(Collected data)
'''
Lemma pmean_quartic_approx k1 k2 (a b t : list R) :
  peval a 0 + peval b 0 = 2 ->
  (forall i, (i < 5)%nat -> nth i (quartic_residual k1 k2 a b t) 0 = 0) ->
  BO 5 (fun u => pmean (peval (quartic k1 k2)) (peval a u) (peval b u) - peval t u).
Proof.
  intros H0 Hres.
  assert (Hs : BO 1 (fun u => (peval a u + peval b u) - 2)).
  { rewrite <- H0; apply BO_ext with (fun u => (peval a u - peval a 0) + (peval b u - peval b 0));
      [apply near0_eq; intros; ring | apply BO_plus; apply peval_minus_const]. }
  apply BO_ext with (fun u => peval (quartic_residual k1 k2 a b t) u / (2 * (peval a u + peval b u) ^ 3)).
  - apply (near0_mono (fun u => 2 / 2 <= peval a u + peval b u)); [|exact (BO1_away _ 2 ltac:(lra) Hs)].
    intros u _ Hu; unfold quartic_residual, pmean, ratio, quartic.
    rewrite !peval_psub, !peval_padd, !peval_pscale, !peval_pmul, !peval_psub, !peval_padd; simpl.
    field; lra.
  - apply BO_div with 16; [lra | | apply BO_peval_low_zero, Hres].
    apply BO_ext with (fun u => ((peval a u + peval b u) - 2) *
                                (2 * ((peval a u + peval b u) ^ 2 + 2 * (peval a u + peval b u) + 4)));
      [apply near0_eq; intros; ring|].
    apply BO_mul_bounded; [exact Hs|].
    apply BO_scal, (BO_sub_lin _ 12).
    apply BO_ext with (fun u => ((peval a u + peval b u) - 2) * ((peval a u + peval b u) + 4));
      [apply near0_eq; intros; ring|].
    apply BO_mul_bounded; [exact Hs | apply (BO_sub_lin _ 6)].
    apply BO_ext with (fun u => (peval a u + peval b u) - 2); [apply near0_eq; intros; ring | exact Hs].
Qed.

(* Order-4 expansions of the inner means and of comp for the quartic profile. *)
Definition inner_left (k1 k2 : R) : list R :=
  [1; -1/2; 3/4 * k1; 1/8 * k1 + 1/2 * k1 ^ 2; 9/16 * k2 + 1/16 * k1 + 1/8 * k1 ^ 2 + 1/4 * k1 ^ 3].

Definition inner_right (k1 k2 : R) : list R :=
  [1; 1/2; 3/4 * k1; -1/8 * k1 - 1/2 * k1 ^ 2; 9/16 * k2 + 1/16 * k1 + 1/8 * k1 ^ 2 + 1/4 * k1 ^ 3].

Definition outer (k1 k2 : R) : list R :=
  [1; 0; k1; 0; 5/8 * k2 + 1/16 * k1 - 3/16 * k1 ^ 2 - 1/4 * k1 ^ 3].

Ltac check_low_coefficients :=
  let i := fresh "i" in let Hi := fresh "Hi" in
  intros i Hi; do 5 (destruct i as [|i]; [cbn -[Rplus Rmult Ropp Rinv Rdiv pow IZR]; field|]); lia.

Lemma quartic_regular k1 k2 : regular 2 (peval (quartic k1 k2)).
Proof.
  split.
  - exists (Rabs k1 + Rabs k2), 1; split; [lra|]; intros v Hv.
    replace (peval (quartic k1 k2) v - 1) with ((k1 + k2 * v ^ 2) * v ^ 2) by (simpl; ring).
    rewrite Rabs_mult, <- RPow_abs; apply Rmult_le_compat_r; [apply pow_le, Rabs_pos|].
    eapply Rle_trans; [apply Rabs_triang|]; rewrite Rabs_mult, <- RPow_abs.
    assert (Rabs v ^ 2 <= 1) by (apply pow_le1; pose proof (Rabs_pos v); lra).
    pose proof (Rabs_pos k2); nra.
  - exists (fun i => nth i [1; k1; k2] 0); apply Lv_null; intros v; unfold Psum; simpl; ring.
Qed.

Lemma quartic_comp_approx k1 k2 :
  Lo 4 (fun u => comp (peval (quartic k1 k2)) (peval (quartic k1 k2)) (peval (quartic k1 k2)) u
                 - peval (outer k1 k2) u).
Proof.
  set (P := peval (quartic k1 k2)).
  assert (Hleft : BO 5 (fun u => pmean P (1 - u) (P u) - peval (inner_left k1 k2) u)).
  { apply BO_ext with (fun u => pmean P (peval [1; -1] u) (peval (quartic k1 k2) u) - peval (inner_left k1 k2) u).
    - apply near0_eq; intros u; replace (peval [1; -1] u) with (1 - u) by (simpl; ring); reflexivity.
    - apply pmean_quartic_approx; [simpl; ring | check_low_coefficients]. }
  assert (Hright : BO 5 (fun u => pmean P (P u) (1 + u) - peval (inner_right k1 k2) u)).
  { apply BO_ext with (fun u => pmean P (peval (quartic k1 k2) u) (peval [1; 1] u) - peval (inner_right k1 k2) u).
    - apply near0_eq; intros u; replace (peval [1; 1] u) with (1 + u) by (simpl; ring); reflexivity.
    - apply pmean_quartic_approx; [simpl; ring | check_low_coefficients]. }
  assert (Houter : BO 5 (fun u => pmean P (peval (inner_left k1 k2) u) (peval (inner_right k1 k2) u)
                                  - peval (outer k1 k2) u))
    by (apply pmean_quartic_approx; [simpl; field | check_low_coefficients]).
  assert (Hzero : differ_by 2 0 P P) by (apply Lv_null; intros; ring).
  assert (Hshift : forall f : R -> R, BO 5 f -> Lo 4 (fun u => f u - 0 * u ^ (2 * 2))).
  { intros f Hf; apply Lo_ext with f; [apply near0_eq; intros; ring | apply BO_succ_Lo, Hf]. }
  pose proof (pmean_perturb 2 P P 0 0 0 (-1/2) (1/2) _ _ _ _ ltac:(lia) (quartic_regular k1 k2) Hzero
                (Hshift _ Hleft) (Hshift _ Hright) (Near_peval _ _) (Near_peval _ _)) as Hmid.
  replace ((0 + 0) / 2 + 0 * ((1/2 - -1/2) / 2) ^ (2 * 2)) with 0 in Hmid by field.
  apply Lo_ext with (fun u =>
     (pmean P (pmean P (1 - u) (P u)) (pmean P (P u) (1 + u))
      - pmean P (peval (inner_left k1 k2) u) (peval (inner_right k1 k2) u) - 0 * u ^ (2 * 2))
     + (pmean P (peval (inner_left k1 k2) u) (peval (inner_right k1 k2) u) - peval (outer k1 k2) u)).
  - apply near0_eq; intros u; unfold comp; ring.
  - apply Lo_plus; [exact Hmid | apply BO_succ_Lo, Houter].
Qed.

(* Order 4: a stable mean satisfies a_2 = a_1 (1 + a_1)(1 - 4 a_1) / 6.  Its profile G
   agrees with the quartic P = 1 + a_1 v^2 + a_2 v^4 to order 4, so G = comp G G G
   forces P - comp P P P = o(u^4), whereas P - comp P P P equals a multiple of
   a_2 - a_1 (1 + a_1)(1 - 4 a_1)/6 times u^4 up to O(u^5). *)
Lemma stable_second_coefficient (K : R -> R -> R) (aK : nat -> R) :
  is_mean K -> homogeneous_mean K -> stable_mean K -> sym_asymp_expansion K aK ->
  aK 2%nat = 1 / 6 * aK 1%nat * (1 + aK 1%nat) * (1 - 4 * aK 1%nat).
Proof.
  intros Hm Hh Hs He.
  set (k1 := aK 1%nat); set (k2 := aK 2%nat); set (G := profile K); set (P := peval (quartic k1 k2)).
  assert (DGP : differ_by 2 0 G P).
  { apply Lv_ext with (fun v => G v - Psum aK 2 v); [|apply profile_expansion; assumption].
    intros v; unfold Psum, P, k1, k2; simpl; rewrite (expansion_a0 K aK Hm He); ring. }
  pose proof (comp_perturb 2 G G G P P P 0 0 0 ltac:(lia) (mean_regular K aK 2 Hm Hh He)
                (mean_regular K aK 2 Hm Hh He) (proj1 (quartic_regular k1 k2))
                (proj1 (quartic_regular k1 k2)) DGP DGP DGP) as Hcomp.
  set (lam := 3/8 * k2 - 1/16 * k1 + 3/16 * k1 ^ 2 + 1/4 * k1 ^ 3).
  assert (Hlam : lam = 0).
  { apply (Lo_unique 4 (fun u => G u - peval (outer k1 k2) u)
                                 (fun u => comp G G G u - peval (outer k1 k2) u)).
    - apply Lo_ext with (fun u => G u - P u - 0 * u ^ (2 * 2)); [|exact (Lv_restrict _ _ DGP)].
      apply near0_eq; intros u; unfold P, lam; simpl; field.
    - apply Lo_ext with (fun u => (comp G G G u - comp P P P u - (0 / 2 + (0 + 0) / 4 ^ 2) * u ^ (2 * 2))
                                  + (comp P P P u - peval (outer k1 k2) u)).
      + apply near0_eq; intros u; unfold Rdiv; rewrite Rplus_0_r, !Rmult_0_l, Rplus_0_r; ring.
      + apply Lo_plus; [exact Hcomp | apply quartic_comp_approx].
    - generalize (profile_comp K K K K Hh Hm Hh Hm Hs); apply near0_mono.
      intros u _ Hu; fold G in Hu; rewrite Hu; reflexivity. }
  unfold lam in Hlam; unfold k1, k2 in *; lra.
Qed.

Theorem mainTheorem12 (K N M : R -> R -> R) (aK aN aM : nat -> R) :
  is_mean K -> symmetric_mean K -> homogeneous_mean K -> stable_mean K ->
  is_mean N -> symmetric_mean N -> homogeneous_mean N -> stable_mean N ->
  is_mean M -> symmetric_mean M -> homogeneous_mean M ->
  sym_asymp_expansion K aK -> sym_asymp_expansion N aN ->
  sym_asymp_expansion M aM ->
  stabilizable K N M -> stabilized K N M ->
  (aK 1%nat = aN 1%nat /\ aN 1%nat = aM 1%nat) /\
  (forall n : nat, aK n = aN n) /\
  aM 2%nat = 1 / 6 * aM 1%nat * (1 + aM 1%nat) * (1 - 4 * aM 1%nat).
Proof.
  intros HmK _ HhK HsK HmN _ HhN HsN HmM _ HhM HeK HeN HeM Hsz Hsd.
  destruct (first_coefficients K N M aK aN aM HmK HhK HeK HmN HhN HeN HmM HhM HeM Hsz Hsd)
    as [HKM HNM].
  assert (HKN : forall n, aK n = aN n)
    by (apply (stable_expansion_unique K N); auto; lra).
  pose proof (stabilized_expansion K N M aK aN aM HmK HhK HsK HeK HmN HhN HeN HmM HhM HeM Hsd HKN)
    as HMK.
  split; [split; lra | split; [exact HKN|]].
  rewrite !HMK; exact (stable_second_coefficient K aK HmK HhK HsK HeK).
Qed.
'''
TASK GOAL:
Of all the entries above, output exactly the lines between the one holding "aK 2%nat = 1" and the one holding "Rplus_0_r, !Rmult_0_l, Rplus_0_r; ring.", inclusive.

EXERCISE OUTPUT:
  aK 2%nat = 1 / 6 * aK 1%nat * (1 + aK 1%nat) * (1 - 4 * aK 1%nat).
Proof.
  intros Hm Hh Hs He.
  set (k1 := aK 1%nat); set (k2 := aK 2%nat); set (G := profile K); set (P := peval (quartic k1 k2)).
  assert (DGP : differ_by 2 0 G P).
  { apply Lv_ext with (fun v => G v - Psum aK 2 v); [|apply profile_expansion; assumption].
    intros v; unfold Psum, P, k1, k2; simpl; rewrite (expansion_a0 K aK Hm He); ring. }
  pose proof (comp_perturb 2 G G G P P P 0 0 0 ltac:(lia) (mean_regular K aK 2 Hm Hh He)
                (mean_regular K aK 2 Hm Hh He) (proj1 (quartic_regular k1 k2))
                (proj1 (quartic_regular k1 k2)) DGP DGP DGP) as Hcomp.
  set (lam := 3/8 * k2 - 1/16 * k1 + 3/16 * k1 ^ 2 + 1/4 * k1 ^ 3).
  assert (Hlam : lam = 0).
  { apply (Lo_unique 4 (fun u => G u - peval (outer k1 k2) u)
                                 (fun u => comp G G G u - peval (outer k1 k2) u)).
    - apply Lo_ext with (fun u => G u - P u - 0 * u ^ (2 * 2)); [|exact (Lv_restrict _ _ DGP)].
      apply near0_eq; intros u; unfold P, lam; simpl; field.
    - apply Lo_ext with (fun u => (comp G G G u - comp P P P u - (0 / 2 + (0 + 0) / 4 ^ 2) * u ^ (2 * 2))
                                  + (comp P P P u - peval (outer k1 k2) u)).
      + apply near0_eq; intros u; unfold Rdiv; rewrite Rplus_0_r, !Rmult_0_l, Rplus_0_r; ring.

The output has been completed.